Information:
++++
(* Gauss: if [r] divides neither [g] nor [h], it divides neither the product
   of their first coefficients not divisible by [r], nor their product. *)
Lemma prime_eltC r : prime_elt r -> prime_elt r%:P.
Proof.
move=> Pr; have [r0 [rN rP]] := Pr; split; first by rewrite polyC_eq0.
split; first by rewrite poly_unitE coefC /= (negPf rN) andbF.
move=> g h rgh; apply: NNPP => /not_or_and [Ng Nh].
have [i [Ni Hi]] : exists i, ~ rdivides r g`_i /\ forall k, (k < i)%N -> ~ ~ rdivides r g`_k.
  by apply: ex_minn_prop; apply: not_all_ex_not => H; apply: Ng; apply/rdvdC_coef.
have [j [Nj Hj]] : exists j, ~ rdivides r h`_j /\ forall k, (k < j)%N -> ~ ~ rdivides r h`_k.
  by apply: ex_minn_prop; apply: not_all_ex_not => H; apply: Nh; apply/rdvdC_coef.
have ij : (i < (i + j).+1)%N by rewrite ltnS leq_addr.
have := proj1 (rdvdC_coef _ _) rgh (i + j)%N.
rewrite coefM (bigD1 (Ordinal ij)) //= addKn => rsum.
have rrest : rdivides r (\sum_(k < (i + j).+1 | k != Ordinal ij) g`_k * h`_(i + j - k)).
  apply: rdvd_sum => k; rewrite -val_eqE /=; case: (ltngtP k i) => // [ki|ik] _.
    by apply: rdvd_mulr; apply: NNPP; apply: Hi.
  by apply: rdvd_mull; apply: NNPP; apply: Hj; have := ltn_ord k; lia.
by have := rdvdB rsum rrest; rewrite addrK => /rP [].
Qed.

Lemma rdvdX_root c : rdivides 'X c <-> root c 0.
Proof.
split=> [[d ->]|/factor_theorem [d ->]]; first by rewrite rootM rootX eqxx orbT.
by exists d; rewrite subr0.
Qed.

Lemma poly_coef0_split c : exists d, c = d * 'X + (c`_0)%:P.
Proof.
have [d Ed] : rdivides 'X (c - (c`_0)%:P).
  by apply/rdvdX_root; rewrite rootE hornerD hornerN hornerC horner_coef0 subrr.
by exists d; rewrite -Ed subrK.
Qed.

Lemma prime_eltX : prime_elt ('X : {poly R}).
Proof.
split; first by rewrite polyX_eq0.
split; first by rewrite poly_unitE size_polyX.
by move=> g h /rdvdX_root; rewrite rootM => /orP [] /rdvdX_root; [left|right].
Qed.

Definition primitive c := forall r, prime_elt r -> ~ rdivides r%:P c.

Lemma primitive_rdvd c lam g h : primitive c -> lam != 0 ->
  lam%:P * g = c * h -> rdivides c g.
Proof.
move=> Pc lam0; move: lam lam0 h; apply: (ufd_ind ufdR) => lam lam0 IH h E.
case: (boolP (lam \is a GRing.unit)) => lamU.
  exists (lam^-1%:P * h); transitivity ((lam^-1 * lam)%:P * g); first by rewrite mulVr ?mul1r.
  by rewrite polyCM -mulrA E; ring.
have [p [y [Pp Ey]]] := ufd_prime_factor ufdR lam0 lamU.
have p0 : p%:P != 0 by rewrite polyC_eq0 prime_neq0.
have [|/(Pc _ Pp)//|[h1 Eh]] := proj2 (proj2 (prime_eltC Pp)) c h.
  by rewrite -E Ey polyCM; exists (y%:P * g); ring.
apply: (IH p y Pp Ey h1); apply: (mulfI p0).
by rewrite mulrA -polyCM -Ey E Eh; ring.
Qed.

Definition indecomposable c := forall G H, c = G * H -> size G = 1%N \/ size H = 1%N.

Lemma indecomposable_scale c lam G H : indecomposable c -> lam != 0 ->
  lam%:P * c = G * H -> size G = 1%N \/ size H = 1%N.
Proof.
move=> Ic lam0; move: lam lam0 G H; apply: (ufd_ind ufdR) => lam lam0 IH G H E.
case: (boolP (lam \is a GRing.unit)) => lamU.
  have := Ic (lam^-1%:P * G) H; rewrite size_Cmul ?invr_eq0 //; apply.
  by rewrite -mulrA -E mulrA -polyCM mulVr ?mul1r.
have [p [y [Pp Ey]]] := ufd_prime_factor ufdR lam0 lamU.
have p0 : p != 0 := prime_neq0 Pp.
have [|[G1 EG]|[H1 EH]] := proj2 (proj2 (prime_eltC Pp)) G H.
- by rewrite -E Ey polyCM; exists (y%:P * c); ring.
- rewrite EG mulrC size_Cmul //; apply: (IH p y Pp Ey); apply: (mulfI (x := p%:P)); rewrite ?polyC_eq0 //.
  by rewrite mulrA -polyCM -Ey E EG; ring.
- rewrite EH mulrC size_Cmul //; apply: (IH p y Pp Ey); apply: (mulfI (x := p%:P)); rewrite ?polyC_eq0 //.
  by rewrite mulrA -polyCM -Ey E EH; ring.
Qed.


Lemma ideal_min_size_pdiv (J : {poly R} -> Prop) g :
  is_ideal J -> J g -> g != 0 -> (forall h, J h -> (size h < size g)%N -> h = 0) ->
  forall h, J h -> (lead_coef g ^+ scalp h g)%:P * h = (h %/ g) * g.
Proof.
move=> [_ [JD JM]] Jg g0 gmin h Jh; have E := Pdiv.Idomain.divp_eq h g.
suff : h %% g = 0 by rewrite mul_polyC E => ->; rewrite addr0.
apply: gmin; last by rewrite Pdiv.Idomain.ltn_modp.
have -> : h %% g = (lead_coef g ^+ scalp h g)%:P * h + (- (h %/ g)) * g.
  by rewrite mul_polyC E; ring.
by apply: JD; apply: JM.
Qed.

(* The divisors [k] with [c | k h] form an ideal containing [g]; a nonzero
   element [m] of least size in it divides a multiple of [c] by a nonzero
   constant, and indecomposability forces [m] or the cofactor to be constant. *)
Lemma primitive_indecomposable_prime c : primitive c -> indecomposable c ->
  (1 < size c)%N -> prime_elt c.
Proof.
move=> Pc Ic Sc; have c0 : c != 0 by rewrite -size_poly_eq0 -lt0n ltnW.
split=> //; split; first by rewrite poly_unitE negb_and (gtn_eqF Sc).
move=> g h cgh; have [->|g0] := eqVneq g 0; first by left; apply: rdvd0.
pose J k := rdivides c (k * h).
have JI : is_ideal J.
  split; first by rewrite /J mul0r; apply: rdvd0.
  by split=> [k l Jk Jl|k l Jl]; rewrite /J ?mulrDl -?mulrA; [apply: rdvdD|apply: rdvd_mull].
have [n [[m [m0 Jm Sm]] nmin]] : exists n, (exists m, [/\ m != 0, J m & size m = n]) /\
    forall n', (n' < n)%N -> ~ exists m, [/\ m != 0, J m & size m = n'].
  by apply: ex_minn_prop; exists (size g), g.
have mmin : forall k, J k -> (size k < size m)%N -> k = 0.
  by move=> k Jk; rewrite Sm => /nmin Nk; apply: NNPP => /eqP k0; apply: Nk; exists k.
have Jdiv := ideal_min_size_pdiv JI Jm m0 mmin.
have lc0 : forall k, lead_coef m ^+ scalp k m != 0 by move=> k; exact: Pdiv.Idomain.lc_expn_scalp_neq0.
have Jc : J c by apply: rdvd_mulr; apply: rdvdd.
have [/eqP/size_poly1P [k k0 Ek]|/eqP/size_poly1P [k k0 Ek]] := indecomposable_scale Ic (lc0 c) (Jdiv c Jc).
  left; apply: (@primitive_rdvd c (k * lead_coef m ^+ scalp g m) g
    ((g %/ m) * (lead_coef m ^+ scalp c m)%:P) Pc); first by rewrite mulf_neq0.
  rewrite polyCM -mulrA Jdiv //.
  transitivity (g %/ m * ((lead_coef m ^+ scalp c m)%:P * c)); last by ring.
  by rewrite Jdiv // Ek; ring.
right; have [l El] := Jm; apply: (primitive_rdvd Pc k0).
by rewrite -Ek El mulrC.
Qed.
++++
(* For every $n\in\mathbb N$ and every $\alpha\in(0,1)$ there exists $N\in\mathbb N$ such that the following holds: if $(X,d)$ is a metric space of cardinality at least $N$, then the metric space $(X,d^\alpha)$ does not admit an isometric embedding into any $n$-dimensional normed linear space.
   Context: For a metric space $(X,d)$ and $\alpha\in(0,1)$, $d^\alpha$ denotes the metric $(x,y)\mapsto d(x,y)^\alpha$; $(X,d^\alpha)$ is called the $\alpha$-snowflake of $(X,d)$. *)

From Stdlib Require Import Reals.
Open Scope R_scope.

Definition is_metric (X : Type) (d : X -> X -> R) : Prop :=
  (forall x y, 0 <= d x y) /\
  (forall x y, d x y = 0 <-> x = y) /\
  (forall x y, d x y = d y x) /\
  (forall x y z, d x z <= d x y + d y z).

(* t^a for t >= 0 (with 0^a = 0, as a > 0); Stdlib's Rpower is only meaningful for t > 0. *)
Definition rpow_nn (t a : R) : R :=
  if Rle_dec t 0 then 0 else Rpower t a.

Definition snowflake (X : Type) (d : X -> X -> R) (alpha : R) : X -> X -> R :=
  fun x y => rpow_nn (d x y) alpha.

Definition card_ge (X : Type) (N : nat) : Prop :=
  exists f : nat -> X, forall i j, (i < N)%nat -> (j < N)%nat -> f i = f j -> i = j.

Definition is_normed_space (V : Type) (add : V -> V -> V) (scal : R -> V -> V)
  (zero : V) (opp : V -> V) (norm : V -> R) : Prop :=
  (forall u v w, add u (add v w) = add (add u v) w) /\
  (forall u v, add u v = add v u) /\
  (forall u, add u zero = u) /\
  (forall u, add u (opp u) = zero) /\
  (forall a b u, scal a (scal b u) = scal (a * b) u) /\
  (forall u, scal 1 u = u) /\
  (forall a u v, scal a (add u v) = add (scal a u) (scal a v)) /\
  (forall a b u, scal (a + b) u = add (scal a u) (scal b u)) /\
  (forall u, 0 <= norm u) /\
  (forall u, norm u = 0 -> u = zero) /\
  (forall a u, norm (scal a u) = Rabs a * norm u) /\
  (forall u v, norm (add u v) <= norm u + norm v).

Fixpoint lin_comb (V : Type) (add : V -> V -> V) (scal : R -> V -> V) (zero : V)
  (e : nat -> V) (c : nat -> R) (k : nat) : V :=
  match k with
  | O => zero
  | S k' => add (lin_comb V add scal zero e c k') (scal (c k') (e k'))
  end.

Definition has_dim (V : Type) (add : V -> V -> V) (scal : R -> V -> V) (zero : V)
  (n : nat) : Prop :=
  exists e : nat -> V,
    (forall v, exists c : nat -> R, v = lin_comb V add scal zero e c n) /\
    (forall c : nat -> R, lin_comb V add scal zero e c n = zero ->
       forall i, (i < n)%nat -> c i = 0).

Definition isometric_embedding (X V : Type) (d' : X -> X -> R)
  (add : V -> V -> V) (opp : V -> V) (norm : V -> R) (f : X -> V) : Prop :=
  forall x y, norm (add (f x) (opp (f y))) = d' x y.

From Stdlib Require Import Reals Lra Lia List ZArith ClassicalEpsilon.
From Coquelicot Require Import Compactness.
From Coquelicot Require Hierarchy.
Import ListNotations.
++++
Task description: Reproducing the whole listing above is not the task. Copy exactly only the lines from the one with "(* Gauss: if" to the one with "have rrest : rdivides", both kept.

Exercise response:
(* Gauss: if [r] divides neither [g] nor [h], it divides neither the product
   of their first coefficients not divisible by [r], nor their product. *)
Lemma prime_eltC r : prime_elt r -> prime_elt r%:P.
Proof.
move=> Pr; have [r0 [rN rP]] := Pr; split; first by rewrite polyC_eq0.
split; first by rewrite poly_unitE coefC /= (negPf rN) andbF.
move=> g h rgh; apply: NNPP => /not_or_and [Ng Nh].
have [i [Ni Hi]] : exists i, ~ rdivides r g`_i /\ forall k, (k < i)%N -> ~ ~ rdivides r g`_k.
  by apply: ex_minn_prop; apply: not_all_ex_not => H; apply: Ng; apply/rdvdC_coef.
have [j [Nj Hj]] : exists j, ~ rdivides r h`_j /\ forall k, (k < j)%N -> ~ ~ rdivides r h`_k.
  by apply: ex_minn_prop; apply: not_all_ex_not => H; apply: Nh; apply/rdvdC_coef.
have ij : (i < (i + j).+1)%N by rewrite ltnS leq_addr.
have := proj1 (rdvdC_coef _ _) rgh (i + j)%N.
rewrite coefM (bigD1 (Ordinal ij)) //= addKn => rsum.
have rrest : rdivides r (\sum_(k < (i + j).+1 | k != Ordinal ij) g`_k * h`_(i + j - k)).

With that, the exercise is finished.